O senhor da Florett e a senhora malsatisfeita eram "amantes", estavam amantizados, amigados. Andavam metidos um com o outro, isto é, com a outra. Tinham um caso, dir-se-ia hoje, e era um segredo muito mal guardado. Toda a gente da terra sabia. Fafe ainda hoje é uma terra pequena. Cochichava-se, mexericava-se, emprenhava-se também pelos ouvidos. Num misto de recriminação e inveja, os amantizados eram olhados de esguelha, havia quem mudasse de passeio, quem baixasse os olhos, quem deixasse de os salvar. Isto era com as mulheres. Às amantes, a sacristia chamava-lhes pecadoras, adúlteras. Com eles, parecia que havia uma espécie de respeito, de admiração: aos homens, o povo chamava-lhes pinantes, verrumadores, homes do caralho.
Mas o que havia sobretudo era muita dor de... cotovelo.
As mulheres falavam com orgulho no "meu amante" e batiam no peito, nos peitos, com toda a força do corpo, sem vergonha e sem vergonhas, reclamando o que lhes pertencia de direito a troco do que davam com todo o gosto. Os homens faziam de conta. Os cornos não eram os últimos a saber. Se calhar eram os primeiros. Só podia dar para o torto. E dava.

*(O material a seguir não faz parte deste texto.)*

Lemma stuck_marks_all x0 t : walk_inv x0 t -> stuck x0 t -> rk x0 = 0 ->
  {subset bs <= x0 :: t}.
Proof.
move=> inv_t stuck_t rk_x0 y ybs; apply: contraT => yM.
have [uM sMbs _ mfirst] := inv_t; set M := x0 :: t in yM uM sMbs mfirst *.
pose unmarked_rank v := has (fun y => (rk y == v) && (y \notin M)) bs.
have [|v] := ex_minnP (ex_intro unmarked_rank (rk y) _).
  by apply/hasP; exists y; rewrite ?eqxx.
move=> /hasP[y1 y1bs /andP[/eqP rk_y1 y1M]] v_min.
have v_gt0 : 0 < v.
  rewrite lt0n; apply: contra y1M => /eqP v0.
  by apply: (stuck_t y1); rewrite // rk_y1 v0 (stuck_next_rank0 inv_t stuck_t rk_x0).
have [y2 [y2bs y2_le rk_y2 nx_y2]] := rank_descent y1bs (ltac:(by rewrite rk_y1)).
have y2M : y2 \notin M.
  apply: contra y1M => y2M.
  case: (ltnP y2 y1) => [lt_y21|le_y12]; last by have <- : y2 = y1 by lia.
  by case/andP: (mfirst y2 y1 y2M y1bs (esym rk_y2) lt_y21).
have us : uniq bs by exact: sorted_uniq ltn_trans ltnn _ bs_sorted.
have unmarked_count P : count (fun y => P y && (y \notin M)) bs = count P bs - count P M.
  by rewrite (count_uniq_sub _ uM sMbs us) -(count_andC P (mem M)) addKn.
have : unmarked_rank v.-1.
  rewrite /unmarked_rank has_count unmarked_count rank_balance.
  rewrite (stuck_balanced inv_t stuck_t rk_x0) -unmarked_count -has_count.
  by apply/hasP; exists y2; rewrite // nx_y2 rk_y1 eqxx.
by move/v_min; rewrite leqNgt ltn_predL v_gt0.
Qed.

Hypothesis next_rank0 : forall x, x \in bs -> nx x = 0 -> rk x = 1.

Theorem greedy_walk_last x0 : x0 \in bs -> rk x0 = 0 ->
  (forall y, y \in bs -> rk y = 0 -> y <= x0) ->
  last 0 (greedy_walk (size bs) x0 [:: x0]) = head 0 [seq x <- bs | rk x == 1].
Proof.
move=> x0bs rk_x0 x0_max.
have inv0 : walk_inv x0 [::].
  split=> //; first by move=> y; rewrite inE => /eqP->.
  move=> x y; rewrite inE => /eqP-> ybs rk_y; rewrite rk_x0 in rk_y.
  by have := x0_max y ybs rk_y; lia.
have [t [-> inv_t stuck_t]] := greedy_walk_inv inv0 (ltnSn (size bs)).
have [uM sMbs _ mfirst] := inv_t.
rewrite /=; set z := last x0 t.
have zM : z \in x0 :: t by exact: mem_last.
have rk_z : rk z = 1 by rewrite next_rank0 ?sMbs ?(stuck_next_rank0 inv_t stuck_t rk_x0).
have z_rank1 : z \in [seq x <- bs | rk x == 1] by rewrite mem_filter rk_z eqxx sMbs.
set m1 := head 0 _.
have : m1 \in [seq x <- bs | rk x == 1].
  by move: z_rank1; rewrite /m1; case: [seq x <- bs | _] => // a l _; exact: mem_head.
rewrite mem_filter => /andP[/eqP rk_m1 m1bs].
have m1_le : m1 <= z.
  by apply: sorted_ltn_head_le z_rank1; apply: sorted_filter => //; exact: ltn_trans.
case: (ltnP m1 z) => [lt_m1z|]; last by lia.
have m1M := stuck_marks_all inv_t stuck_t rk_x0 m1bs.
have /andP[_] := mfirst m1 z m1M (sMbs z zM) (etrans rk_z (esym rk_m1)) lt_m1z.
rewrite index_last // ltnNge -ltnS.
by rewrite -[(size t).+1]/(size (x0 :: t)) index_mem m1M.
Qed.

End GreedyWalk.

Lemma perm_flatten_set_nth_rcons (s : seq (seq nat)) c i :
  c < size s -> perm_eq (flatten s) (iota 1 i) ->
  perm_eq (flatten (set_nth [::] s c (rcons (nth [::] s c) i.+1))) (iota 1 i.+1).
Proof.
move=> cs /permP s_perm; apply/permP => P.
have -> : iota 1 i.+1 = iota 1 i ++ [:: i.+1] by rewrite -[i.+1 in LHS]addn1 iotaD.
rewrite count_cat -s_perm.
elim: s c cs {s_perm} => [|col s IH] [|c] //= cs.
  by rewrite -cats1 !count_cat /=; lia.
by rewrite !count_cat IH //=; lia.
Qed.

Lemma size_flatten_ge (s : seq (seq nat)) m b : m <= size s ->
  (forall c, c < m -> b <= size (nth [::] s c)) -> m * b <= size (flatten s).
Proof.
elim: s m => [|col s IH] [|m] //= ms col_ge.
rewrite size_cat mulSn leq_add ?(col_ge 0) //.
by apply: IH => // c cm; apply: (col_ge c.+1).
Qed.

Lemma size_flatten_le (s : seq (seq nat)) b : (forall c, size (nth [::] s c) <= b) ->
  size (flatten s) <= size s * b.
Proof.
elim: s => [|col s IH] //= col_le; rewrite size_cat mulSn leq_add ?(col_le 0) //.
by apply: IH => c; apply: (col_le c.+1).
Qed.

Lemma size_flatten_full (s : seq (seq nat)) b : (forall c, size (nth [::] s c) <= b) ->
  size (flatten s) = size s * b -> forall c, c < size s -> size (nth [::] s c) = b.
Proof.
elim: s => [|col s IH] //= col_le; rewrite size_cat mulSn.
have := size_flatten_le (fun c => col_le c.+1); have := col_le 0.
move=> /= col_le0 flat_le full [|c] cs /=; first by lia.
by apply: IH => [c'||]; [exact: (col_le c'.+1)|lia|].
Qed.

Lemma mem_flatten_nth (s : seq (seq nat)) d y : y \in nth [::] s d -> y \in flatten s.
Proof.
move=> y_in; apply/flattenP; exists (nth [::] s d) => //; apply: mem_nth.
by case: (ltnP d (size s)) y_in => // /(nth_default [::]) ->.
Qed.

Lemma flatten_nthP (s : seq (seq nat)) y : y \in flatten s ->
  exists2 d, d < size s & y \in nth [::] s d.
Proof.
move=> /flattenP [col col_in y_in]; exists (index col s); first by rewrite index_mem.
by rewrite nth_index.
Qed.

Lemma nth_flatten_uniq_inj (s : seq (seq nat)) c1 c2 y : uniq (flatten s) ->
  y \in nth [::] s c1 -> y \in nth [::] s c2 -> c1 = c2.
Proof.
elim: s c1 c2 => [|col s IH] [|c1] [|c2] //=; rewrite ?nth_nil // cat_uniq.
- move=> /and3P[_ /hasP disj _] y1 y2; case: disj; exists y => //; exact: mem_flatten_nth y2.
- move=> /and3P[_ /hasP disj _] y1 y2; case: disj; exists y => //; exact: mem_flatten_nth y1.
- by move=> /and3P[_ _ us] y1 y2; congr S; apply: IH y1 y2.
Qed.

Lemma nth_flatten_uniq (s : seq (seq nat)) c : uniq (flatten s) -> uniq (nth [::] s c).
Proof.
elim: s c => [|col s IH] [|c] //=; rewrite cat_uniq => /and3P[col_uniq _ s_uniq] //.
exact: IH.
Qed.

Lemma nth_rotr1 (s : seq nat) j : j < size s ->
  nth 0 (rotr 1 s) j = if j == 0 then last 0 s else nth 0 s j.-1.
Proof.
case/lastP: s => // s x; rewrite rotr1_rcons size_rcons ltnS last_rcons.
by case: j => [|j] //= js; rewrite nth_rcons js.
Qed.

Lemma foldl_choose_mem (f : nat -> nat -> nat) c0 cs :
  (forall b c, f b c = b \/ f b c = c) -> foldl f c0 cs \in c0 :: cs.
Proof.
move=> f_choose; elim: cs c0 => [|c cs IH] c0 /=; first exact: mem_head.
have := IH (f c0 c); rewrite !inE => /orP[/eqP->|->]; last by rewrite !orbT.
by case: (f_choose c0 c) => ->; rewrite eqxx ?orbT.
Qed.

Lembro-me muito bem, de uma vez, exactamente no meu Santo Velho: houve uma espera, pancadaria de rebimba o malho entre mulher legítima e a outra, na disputa por um lingrinhas que se ria como um perdido e era feio como um calhau - outras competências teria. Parecia as festas da vila, eram girândolas de sapatos, brincos e cabelos pelo ar, orelhas esgaçadas, saias arregaçadas, blusas esventradas, recíprocas recomendações de higiene íntima guinchadas, até parecia nos altifalantes do Baptista, com indicações precisas sobre os locais do corpo que careceriam de arejo, mais arranhões e bofetadas, encontrões e apalpões, tropeções e tudo ao molho, tudo a aproveitar, tudo a aplaudir.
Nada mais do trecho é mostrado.